GEO-POLITICAL AFFAIRS

Central Asia - Imperative of Cautious
Management of Geo-political Forces

smrehman  

Columnist Dr SM RAHMAN advises restraint in the
mobilisation of different economic and political forces
in central ASIA

Hope and despair, anguish and delight have inherent propensity to stick together. One cannot do without the other, but in what ratio do they mingle makes the difference. The Muslim world, of over one billion people spread over the continents and constituting fifty six countries forming part of the Organisation of Islamic Conference (OIC) is not a monolithic united force and far less in the category of the developed nations, who enjoy the major perks and privileges of life. Some are hopelessly impoverished, drowned into poverty and ignorance, while those who are wealthy, lack viable political culture and effective governance based on modern ethos of institutionalized participatory systems for decision-making. There are also those Muslim republics liberated from the iron hold of the Soviet Empire - the five Central Asian countries - Uzbekistan, Turkmenistan, Kyrgyzstan, Tajikistan and Kazakhstan, and Azerbaijan in the caucasus - who are blessed with immense bounties of nature - the rich reservoir of oil, gas and other mineral resources, but ironically, so constrained through a command-structured economy and lack of requisite infrastructure and communication network that their resources do not find access in the world market to bring prosperity and affluence to the people. Their freedom is hostage to their land-locked locations and the strategic and political blockage, both as a legacy of the colonial subjugation by the Soviet Union and new rivalries for gaining regional dominance and hegemony and taking control over the phenomenal wealth of the new 'republics'. Brezezinski, in his new book, The Grand Chessboard, endorses wholeheartedly the recommendation formulated by Samuel Huntington to the US Government to serve as a virtual caretaker of the world in the Post-Cold war era:

A world without US primacy will be a world with more violence and disorder and less democracy and economic growth than world where the United States continues to have more influence than any other country in shaping global affairs. The sustained international primacy of the United States is central to the welfare and security of Americans and to the future of freedom, democracy, open economies and international order in the world.1

Viewed in this perspective USA has to play a crucial balancing role in Euroasia, as it contains 75 percent of the world's people and around 60 percent of world's GNP and about three-fourth of the world's known energy resources. Euroasia is thus the chessboard on which the struggle for global primacy continues to be played.2 Central Asian Republics comprising the heart of Euroasia are, therefore, crucial to maintaining USA's preponderance. If the middle space can be drawn increasingly into the expanding orbit of the West (where America preponderates), if the southern region is not subjected to domination by a single player and if the East is not unified in a manner that prompts the expansion of America from its offshore bases, American can then be said to prevail.3

Thus the new game plan envisages that France and Germany in the west should unitedly serve the interest of USA and that Russia, China and India should be so managed that they do not get united against the hegemonistic hold of USA. In other words, on the Chessboard of Euro-Asia, USA as the global leader will prescribe roles and power for the key players of the region and also for the pivotal states like Iran & Turkey who will play limited roles. Thus, Central Asia faces a new dilemma. While in the pre-independence stage, it was controlled by one imperial lord-USSR- but in the post-freedom phase, it has to cope up with a new and complex power equations, which suits the overall interest of USA in Euro-Asia. Such is the price nations have to pay when they lose their cohesive force and civilizational anchorage.

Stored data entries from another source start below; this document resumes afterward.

(* Let $\delta\in[0,1/2)\cup(1/2,1]$, $J\in\mathbb{R}$, and consider the dynamical system on $\mathbb{R}^3$ (coordinates indexed by $i\in\{A,B,C\}$) $$\dot{x}_i=(1-x_i)\,e^{2[-\delta Jx_{a(i)}-(1-\delta)Jx_{h(i)}+J/2]}-x_i\,e^{-2[-\delta Jx_{a(i)}-(1-\delta)Jx_{h(i)}+J/2]},\qquad i\in\{A,B,C\}.$$ The point $(1/2,1/2,1/2)^T$ is a fixed point for all $J$, and: (a) for $J<0$, there is a bifurcation at $J_c=-1$: the fixed point $(1/2,1/2,1/2)^T$ loses stability and two stable fixed points appear for $J<J_c$; (b) for $J>0$, there is a Hopf (Andronov–Hopf) bifurcation at $J_c=2$.
   Context: The three indices $A,B,C$ are arranged cyclically; $h(i)$ denotes the neighbour of $i$ in the clockwise direction and $a(i)$ the neighbour in the anticlockwise direction (e.g. $h(A)=B,h(B)=C,h(C)=A$, and $a=h^{-1}$). $J$ is the bifurcation parameter. *)

From Stdlib Require Import Reals.
From Coquelicot Require Import Coquelicot.
Open Scope R_scope.

Inductive idx := IA | IB | IC.

Definition h (i : idx) : idx := match i with IA => IB | IB => IC | IC => IA end.
Definition a (i : idx) : idx := match i with IA => IC | IB => IA | IC => IB end.

Definition idx_eqb (i j : idx) : bool :=
  match i, j with IA, IA | IB, IB | IC, IC => true | _, _ => false end.

Definition state := idx -> R.

Definition expo (delta J : R) (x : state) (i : idx) : R :=
  - delta * J * x (a i) - (1 - delta) * J * x (h i) + J / 2.

Definition vf (delta J : R) (x : state) : state := fun i =>
  (1 - x i) * exp (2 * expo delta J x i) - x i * exp (- (2 * expo delta J x i)).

It is no secret to the world that Muslims were at the apex of power and glory when Europe was deeply immersed into ignorance and backwardness. To quote Mahathir Bin Mohammad: By comparison with the Muslims of the period, the Europeans were indeed primitive, superstitious and anything but liberal. They were certainly feudal and oppressive. Their oppressive governments led their own christian subjects to welcome conquests. Even the jews preferred to live under Muslims rule and left Spain together with the Muslims to settle in North Africa. All these must indicate the tolerance and liberalism of Muslims and their governments in the past, in the great days of the Muslim Empire.4

It is indeed no ordinary achievement that the Muslims ruled over Spain for 800 years and much of Eastern Europe for about 400 years. It is a fact that once upon a time, says Mahathir, that there was a great Muslim empire. It is also a fact that empire is no more. Defeats in the fields of battle and in the conduct of diplomatic relations had not only whittled the empire down but had broken up the Empire into effective Muslim states, which for a period of time became colonies of western powers. The fragmentation and colonization of the Muslim world is no doubt due to the machinations of the Europeans and their military power. It was the Europeans who manoeuvered the Arabs into fighting against the Turks for their independence.5

Central Asia, which was once the bastion of Muslim grace, refinement and sophistication, and a rich reservoir of cultural heritage not only fell from that pedestal but remained practically insulated from the rest of the Muslim communities of the world for a period of long seventy years in the tight-jacket-control, exercised over them by the erstwhile Soviet Union. It was the worst possible cultural weaning that the people went through. Not only was contact and cultural interaction practically frozen, every possible print and pride of being bound together in a broader Muslim identity was systematically crushed and attempt was made to atomize them into different identities, with an overpowering superstructure of Soviet sensibility. Assault on the identity of individual is the basic pre-requisite for scientific brain-washing technique. But repressions often are double edged swords. Internal simmering created counter-reaction whenever the grip loosens due to the whittling down of inner reservoir of power, thoughtlessly consumed in overblowing of the outer structure, without adequate economic anchor of sustenance.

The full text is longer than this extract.